Liquidity and Capital Resources

Cash (used in) provided by operating activities decreased $83,100 in the six months ended June 30, 2015 to ($1,900) as compared to $81,200 for the six months ended June 30, 2014. This decrease was mostly due to a decrease in net (loss) income before depletion, accretion and a net non-cash (gain) loss in derivatives of $294,500, a decrease in the change in asset retirement receivable-affiliate of $76,600, and a decrease in the change in accrued liabilities of $1,900. The decrease was partially offset by an increase in accounts payable trade-affiliate of $166,400 and an increase in accounts receivable trade-affiliate of $111,800. In addition, an increase resulted from the change in limited partner payable of $11,600 and the change in asset retirement obligations settled of $100 for the six months ended June 30, 2015 compared to the six months ended June 30, 2014.

Cash used in financing activities decreased $116,300 during the six months ended June 30, 2015 to $1,900 from $118,200 for the six months ended June 30, 2014. This decrease was due to a decrease in cash distributions to partners.

 

Our MGP may withhold funds for future plugging and abandonment costs. Through June 30, 2015, our MGP has withheld $101,800 of funds for this purpose. Any additional funds, if required, will be obtained from production revenues or borrowings from our MGP or its affiliates, which are not contractually committed to make loans to us. The amount that we may borrow at any one time may not at any time exceed 5% of our total subscriptions, and we will not borrow from third-parties.

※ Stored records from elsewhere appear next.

Lemma cvgr0_norm_le {R : realFieldType} (f g : nat -> R) :
  (forall n, `|f n| <= g n) -> g n @[n --> \oo] --> 0 -> f n @[n --> \oo] --> 0.
Proof.
move=> fg g_cvg0; apply/cvgr0Pnorm_lt => e e_gt0.
apply: filterS (cvgr0_norm_lt _ g_cvg0 _ e_gt0) => n /=.
by apply: le_lt_trans; apply: le_trans (fg n) (ler_norm _).
Qed.

Lemma series_harmonic_homo {R : numFieldType} :
  {homo series (@harmonic R) : m n / (m <= n)%N >-> m <= n}.
Proof.
move=> m n mn; rewrite /series /=.
by apply: (nondecreasing_series (P := xpredT) (m := 0%N)) => // k _ _.
Qed.

Lemma series_harmonic_cvgy {R : realType} : series (@harmonic R) n @[n --> \oo] --> +oo.
Proof.
by apply: nondecreasing_dvgn_lt; [exact: series_harmonic_homo | exact: dvg_harmonic].
Qed.

Lemma series_harmonic_double {R : numFieldType} K : (0 < K)%N ->
  1 / 2 <= series (@harmonic R) K.*2 - series (@harmonic R) K.
Proof.
move=> K_gt0; rewrite sub_double_series.
apply: (@le_trans _ _ (\sum_(K <= k < K.*2) (K.*2%:R : R)^-1)); last first.
  apply: ler_sum_nat => k /andP[_ kK]; rewrite /harmonic /=.
  by rewrite lef_pV2 ?posrE ?ltr0n ?ler_nat //; lia.
rewrite sumr_const_nat; have -> : (K.*2 - K)%N = K by lia.
have K_neq0 : (K%:R : R) != 0 by rewrite pnatr_eq0 -lt0n.
by rewrite -mul2n natrM invfM -[_ *+ K]mulr_natr -mulrA mulVf // mulr1 div1r.
Qed.

Lemma ratr_harmonic {R : realType} k : ratr (harmonic k : rat) = (harmonic k : R).
Proof. by rewrite /harmonic /= fmorphV rmorph_nat. Qed.

Lemma logn2_trunc_log t k :
  (2 ^ t <= k < 2 ^ t.+1)%N -> logn 2 (trunc_log 2 k).+1 = logn 2 t.+1.
Proof. by move=> h; rewrite (@trunc_log_eq 2 t k isT h). Qed.

Lemma logn2_succ_frequently i T : exists t, (T <= t)%N /\ logn 2 t.+1 = i.
Proof.
exists (2 ^ i * T.*2.+1).-1%N; have i_gt0 : (0 < 2 ^ i)%N by rewrite expn_gt0.
have : (T.*2.+1 <= 2 ^ i * T.*2.+1)%N by rewrite leq_pmull.
split; first lia.
rewrite prednK ?muln_gt0 ?i_gt0 // lognM // pfactorK // logn_coprime ?addn0 //.
by rewrite coprime2n /= odd_double.
Qed.

Section Diagonal.
Variable Xs : nat -> set nat.
Hypothesis Xs_inf_coinf : forall i, inf_coinf (Xs i).

(* Pair [k] is served by the set [Xs (block_set k)], which is constant on the
   dyadic blocks [2^t <= k < 2^t.+1]. At stage [s] the term [1/(s./2).+1], of
   sign [(-1)^s], waits for the next position inside (for even [s]) or
   outside (for odd [s]) that set; meanwhile the sequence is 0. *)
Definition block_set (k : nat) : nat := logn 2 (trunc_log 2 k).+1.

Definition ready (n s : nat) : bool :=
  if odd s then ~~ `[< Xs (block_set s./2) n >] else `[< Xs (block_set s./2) n >].

Fixpoint stage (n : nat) : nat :=
  if n is n'.+1 then (stage n' + ready n' (stage n'))%N else 0%N.

Definition diag_seq (n : nat) : rat :=
  if ready n (stage n) then
    (if odd (stage n) then - harmonic (stage n)./2 else harmonic (stage n)./2)
  else 0.

Lemma stageS n : stage n.+1 = (stage n + ready n (stage n))%N.
Proof. by []. Qed.

Lemma stage_homo : {homo stage : m n / (m <= n)%N}.
Proof.
move=> m n; elim: n => [|n IH]; first by rewrite leqn0 => /eqP ->.
rewrite leq_eqVlt => /orP[/eqP -> //|]; rewrite ltnS => /IH /leq_trans; apply.
by rewrite /= leq_addr.
Qed.

Lemma stage_progress n : exists n', (stage n < stage n')%N.
Proof.
set s := stage n.
have [x Xx nx] : exists2 x,
    (if odd s then ~` Xs (block_set s./2) else Xs (block_set s./2)) x & (n <= x)%N.
  have [Xinf Xcinf] := Xs_inf_coinf (block_set s./2).
  by case: (odd s); exact: infinite_set_nat_ge.
exists x.+1 => /=; have [lt|] := ltnP s (stage x).
  exact: leq_trans lt (leq_addr _ _).
move=> xs; have -> : stage x = s by apply/eqP; rewrite eqn_leq xs stage_homo.
have -> : ready x s.
  by rewrite /ready; case: (odd s) Xx => Xx; [apply/negP => /asboolP | apply/asboolP].
by rewrite addn1.
Qed.

Lemma stage_surj v : exists n, stage n = v.
Proof.
elim: v => [|v [n nv]]; first by exists 0%N.
have [|m vm mmin] := ex_minnP (P := fun m => (v < stage m)%N).
  by rewrite -nv; exact: stage_progress.
case: m vm mmin => [//|m] vm mmin; exists m.+1; apply/eqP; rewrite eqn_leq vm andbT.
have : (stage m <= v)%N by rewrite leqNgt; apply/negP => /mmin; rewrite ltnn.
by rewrite /=; case: (ready m (stage m)); rewrite ?addn0 ?addn1 // => /leqW.
Qed.

Lemma half_stage_cvgy (f : nat -> nat) :
  (forall m, m./2 <= f m)%N -> f (stage n) @[n --> \oo] --> \oo.
Proof.
move=> f_ge; apply/cvgnyPge => N; have [n0 n0E] := stage_surj N.*2.
exists n0 => // n /= /stage_homo; rewrite n0E => Nn.
by apply: leq_trans (f_ge _); rewrite -[N]doubleK half_leq.
Qed.

Variable R : realType.

Lemma diag_seqE n : rseq R diag_seq n =
  if ready n (stage n) then
    (if odd (stage n) then - harmonic (stage n)./2 else harmonic (stage n)./2)
  else 0.
Proof.
rewrite /rseq /diag_seq; case: ifP => _; last by rewrite rmorph0.
by case: ifP => _; rewrite ?rmorphN; [congr (- _)|]; exact: ratr_harmonic.
Qed.

Lemma series_diag n :
  series (rseq R diag_seq) n = if odd (stage n) then harmonic (stage n)./2 else 0.
Proof.
elim: n => [|n IH]; first by rewrite /series /= big_geq.
rewrite seriesSr IH diag_seqE stageS; case: ready; last by rewrite addn0 addr0.
rewrite addn1 oddS; case: ifP => odd_s /=; first by rewrite addrN.
by rewrite add0r; congr harmonic; lia.
Qed.

Lemma series_diag_pos n : series (fun n => Num.max (rseq R diag_seq n) 0) n =
  series (@harmonic R) (uphalf (stage n)).
Proof.
elim: n => [|n IH]; first by rewrite /series /= !big_geq.
rewrite seriesSr IH diag_seqE stageS; case: ready; last by rewrite addn0 maxxx addr0.
rewrite addn1; case: ifP => odd_s.
  have -> : uphalf (stage n).+1 = uphalf (stage n) by lia.
  by rewrite max_r ?addr0 // oppr_le0 harmonic_ge0.
have -> : uphalf (stage n).+1 = (uphalf (stage n)).+1 by lia.
have -> : (stage n)./2 = uphalf (stage n) by lia.
by rewrite seriesSr max_l ?harmonic_ge0.
Qed.

Lemma series_diag_neg n : series (fun n => Num.min (rseq R diag_seq n) 0) n =
  - series (@harmonic R) (stage n)./2.
Proof.
elim: n => [|n IH]; first by rewrite /series /= !big_geq // oppr0.
rewrite seriesSr IH diag_seqE stageS; case: ready; last by rewrite addn0 minxx addr0.
rewrite addn1; case: ifP => odd_s.
  have -> : (stage n).+1./2 = (stage n)./2.+1 by lia.
  by rewrite seriesSr opprD min_l // oppr_le0 harmonic_ge0.
have -> : (stage n).+1./2 = (stage n)./2 by lia.
by rewrite min_r ?harmonic_ge0 ?addr0.
Qed.

Lemma S_cc_diag_seq : S_cc R diag_seq.
Proof.
have h_cvg0 : harmonic (stage n)./2 @[n --> \oo] --> (0 : R).
  exact: cvg_comp (half_stage_cvgy _ (fun=> leqnn _)) cvg_harmonic.
split; [|split; [|split]].
- apply: (cvgr0_norm_le (rseq R diag_seq) _ _ h_cvg0) => n; rewrite diag_seqE.
  case: ifP => _; last by rewrite normr0 harmonic_ge0.
  by case: ifP => _; rewrite ?normrN ger0_norm ?harmonic_ge0.
- exists 0; apply: (cvgr0_norm_le (series (rseq R diag_seq)) _ _ h_cvg0) => n.
  by rewrite series_diag; case: ifP => _; rewrite ?normr0 ?ger0_norm ?harmonic_ge0.
- have -> : series (fun n => Num.max (rseq R diag_seq n) 0) =
      series (@harmonic R) \o (fun n => uphalf (stage n)).
    by apply: funext => n; rewrite series_diag_pos.
  apply: cvg_comp (half_stage_cvgy _ _) series_harmonic_cvgy => m.
  by rewrite uphalf_half leq_addl.
- have -> : series (fun n => Num.min (rseq R diag_seq n) 0) =
      - (series (@harmonic R) \o (fun n => (stage n)./2)).
    by apply: funext => n; rewrite series_diag_neg.
  apply/cvgNrNy.
  exact: cvg_comp (half_stage_cvgy _ (fun=> leqnn _)) series_harmonic_cvgy.
Qed.

(* On a block served by [Xs i], the subseries along [Xs i] collects exactly
   the positive terms. *)
Lemma series_keep_on_block i t n1 d :
  logn 2 t.+1 = i -> stage n1 = ((2 ^ t).*2)%N ->
  (stage (n1 + d) <= (2 ^ t.+1).*2)%N ->
  series (keep_on (Xs i) (rseq R diag_seq)) (n1 + d)%N -
    series (keep_on (Xs i) (rseq R diag_seq)) n1 =
  series (@harmonic R) (uphalf (stage (n1 + d)%N)) - series (@harmonic R) (2 ^ t)%N.
Proof.
move=> ti n1E; elim: d => [|d IH]; first by rewrite addn0 n1E uphalf_double !subrr.
rewrite addnS => hd.
have hd' : (stage (n1 + d) <= (2 ^ t.+1).*2)%N by apply: leq_trans hd; exact: stage_homo.
have e2 : (2 ^ t.+1 = (2 ^ t).*2)%N by rewrite expnS mul2n.
have hlo : ((2 ^ t).*2 <= stage (n1 + d))%N by rewrite -n1E stage_homo ?leq_addr.
rewrite seriesSr addrAC (IH hd') /keep_on diag_seqE.
move: hd; rewrite stageS.
case ready_s: (ready (n1 + d) (stage (n1 + d))) => /= hd; last first.
  by rewrite addn0; case: ifP => _; rewrite addr0.
have hp : block_set (stage (n1 + d))./2 = i.
  by rewrite -ti; apply: logn2_trunc_log; move: hd hlo; rewrite e2; lia.
move: ready_s; rewrite /ready hp addn1.
case: ifP => odd_s ready_s.
  have -> : uphalf (stage (n1 + d)).+1 = uphalf (stage (n1 + d)) by lia.
  by case: asboolP ready_s => // _ _; rewrite addr0.
have -> : uphalf (stage (n1 + d)).+1 = (uphalf (stage (n1 + d))).+1 by lia.
have -> : (stage (n1 + d))./2 = uphalf (stage (n1 + d)) by lia.
by case: asboolP ready_s => // _ _; rewrite seriesSr addrAC.
Qed.

Lemma diag_seq_no_subsum i : ~ exists l : R, subsum_to diag_seq (Xs i) l.
Proof.
move=> [l /(subsum_toE _ _ _ (Xs_inf_coinf i).1) keep_cvg].
have [N0 _ near_l] := (cvgrPdist_lt _ _).1 keep_cvg (1 / 8) ltac:(lra).
have [t [tN0 ti]] := logn2_succ_frequently i (stage N0).
have [n1 n1E] := stage_surj ((2 ^ t).*2)%N.
have [n2 n2E] := stage_surj ((2 ^ t.+1).*2)%N.
have e2 : (2 ^ t.+1 = (2 ^ t).*2)%N by rewrite expnS mul2n.
have t_lt : (t < 2 ^ t)%N by apply: ltn_expl.
have t_pos : (0 < 2 ^ t)%N by rewrite expn_gt0.
have N0n1 : (N0 <= n1)%N.
  by rewrite leqNgt; apply/negP => /ltnW /stage_homo; rewrite n1E; lia.
have n12 : (n1 <= n2)%N.
  by rewrite leqNgt; apply/negP => /ltnW /stage_homo; rewrite n1E n2E e2; lia.
have := @series_keep_on_block i t n1 (n2 - n1)%N ti n1E.
rewrite subnKC // n2E uphalf_double => /(_ (leqnn _)) block.
have := @series_harmonic_double R _ t_pos; rewrite -e2 -block.
have := near_l _ N0n1; have := near_l _ (leq_trans N0n1 n12).
rewrite /= !ltr_norml => /andP[a1 a2] /andP[b1 b2].
lra.
Qed.

End Diagonal.

Lemma evens_inf_coinf : inf_coinf [set n | ~~ odd n].
Proof.
split; apply/infiniteP.
  apply: (@card_le_inj _ _ _ _ double) => [m n _ _|n _ /=]; last by rewrite odd_double.
  exact: (can_inj doubleK).
apply: (@card_le_inj _ _ _ _ (fun n => n.*2.+1)) => [m n _ _ []|n _ /=].
  exact: (can_inj doubleK).
by rewrite odd_double.
Qed.

Lemma ss_c_family_uncountable {R : realType} {F : set (set nat)} :
  ss_c_family R F -> ~ countable F.
Proof.
move=> [F_ic F_ss] /pcard_injP[f f_inj].
have /choice[Ys YsP] : forall n, exists Y,
    inf_coinf Y /\ forall X, F X -> f X = n -> Y = X.
  move=> n; have [[X FX fX]|noX] := pselect (exists2 X, F X & f X = n).
    exists X; split=> [|X' FX' fX']; first exact: F_ic.
    by apply: f_inj; rewrite ?in_setE // fX fX'.
  exists [set n | ~~ odd n]; split=> [|X FX fX]; first exact: evens_inf_coinf.
  by case: noX; exists X.
have Ys_ic n : inf_coinf (Ys n) by have [] := YsP n.
have [X FX [l sub]] := F_ss _ (@S_cc_diag_seq _ Ys_ic R).
apply: (@diag_seq_no_subsum _ Ys_ic R (f X)); exists l.
by rewrite ((YsP (f X)).2 X FX erefl).
Qed.

Definition flips (F : set (set nat)) : set (set nat) :=
  [set Y | exists X l, F X /\ Y = flip X l].

Lemma flips_card_le (F : set (set nat)) : infinite_set F -> (flips F #<= F)%card.
Proof.
move=> Finf.
pose fl (p : set nat * seq nat) := flip p.1 p.2.
apply: (@card_le_trans _ _ _ (fl @` (F `*` [set: seq nat]))).
  by apply: subset_card_le => Y [X [l [FX ->]]]; exists (X, l).
apply: (card_le_trans (card_image_le _ _)).
apply: (card_le_trans _ (@setX_nat_card_le _ F Finf)).
apply: (@card_le_inj _ _ _ _ (fun p : set nat * seq nat => (p.1, pickle p.2))).
  by move=> [X l] [X' l'] _ _ /= [-> /(pcan_inj (@pickleK _)) ->].
by move=> [X l] [FX _].
Qed.

Lemma flips_inf_coinf (F : set (set nat)) : F `<=` inf_coinf -> flips F `<=` inf_coinf.
Proof. by move=> F_ic _ [X [l [FX ->]]]; apply: flip_inf_coinf; exact: F_ic. Qed.

Lemma flips_subsum_window {R : realType} {F : set (set nat)} : ss_c_family R F ->
  forall a, S_cc R a -> forall al be : R, al < be ->
  exists2 Y, flips F Y & exists2 L, al < L < be & subsum_to a Y L.
Proof.
move=> [F_ic F_ss] a Sa al be ab.
have [X FX [l0 /(subsum_toE _ _ _ (F_ic _ FX).1) keep_cvg]] := F_ss a Sa.
have [u_cvg0 [_ [pos_cvgy neg_cvgNy]]] := Sa.
have [l [L LI HL]] := flip_adjust u_cvg0 pos_cvgy neg_cvgNy keep_cvg ab.
exists (flip X l); first by exists X, l.
by exists L => //; apply/subsum_toE => //; have [] := flip_inf_coinf X l (F_ic _ FX).
Qed.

We are generally limited to the amount of funds generated by the cash flows from our operations, which we believe is adequate to fund future operations and distributions to our partners. Historically, there has been no need to borrow funds from our MGP to fund operations.

Critical Accounting Policies

The discussion and analysis of our financial condition and results of operations is based upon our financial statements, which have been prepared in accordance with U.S. GAAP. On an on-going basis, we evaluate our estimates, including those related to our asset retirement obligations, depletion and certain accrued receivables and liabilities. We base our estimates on historical experience and on various other assumptions that we believe reasonable under the circumstances, the results of which form the basis for making judgments about the carrying values of assets and liabilities that are not readily apparent from other sources. Actual results may differ from these estimates under different assumptions or conditions. A discussion of significant accounting policies we have adopted and followed in the preparation of our financial statements is included within “Notes to Financial Statements” in Part I, Item 1, “Financial Statements” in this quarterly report and in our Annual Report on Form 10-K for the year ended December 31, 2014.

 

ITEM 4.

CONTROLS AND PROCEDURES

Evaluation of Disclosure Controls and Procedures

 

We maintain disclosure controls and procedures that are designed to ensure that information required to be disclosed in our Securities Exchange Act of 1934 reports is recorded, processed, summarized and reported within the time periods specified in the SEC’s rules and forms, and that such information is accumulated and communicated to our management, including our general partner’s Chief Executive Officer and Chief Financial Officer, as appropriate, to allow timely decisions regarding required disclosure. In designing and evaluating the disclosure controls and procedures, our management recognized that any controls and procedures, no matter how well designed and operated, can provide only reasonable assurance of achieving the desired control objectives, and our management necessarily was required to apply its judgment in evaluating the cost-benefit relationship of possible controls and procedures.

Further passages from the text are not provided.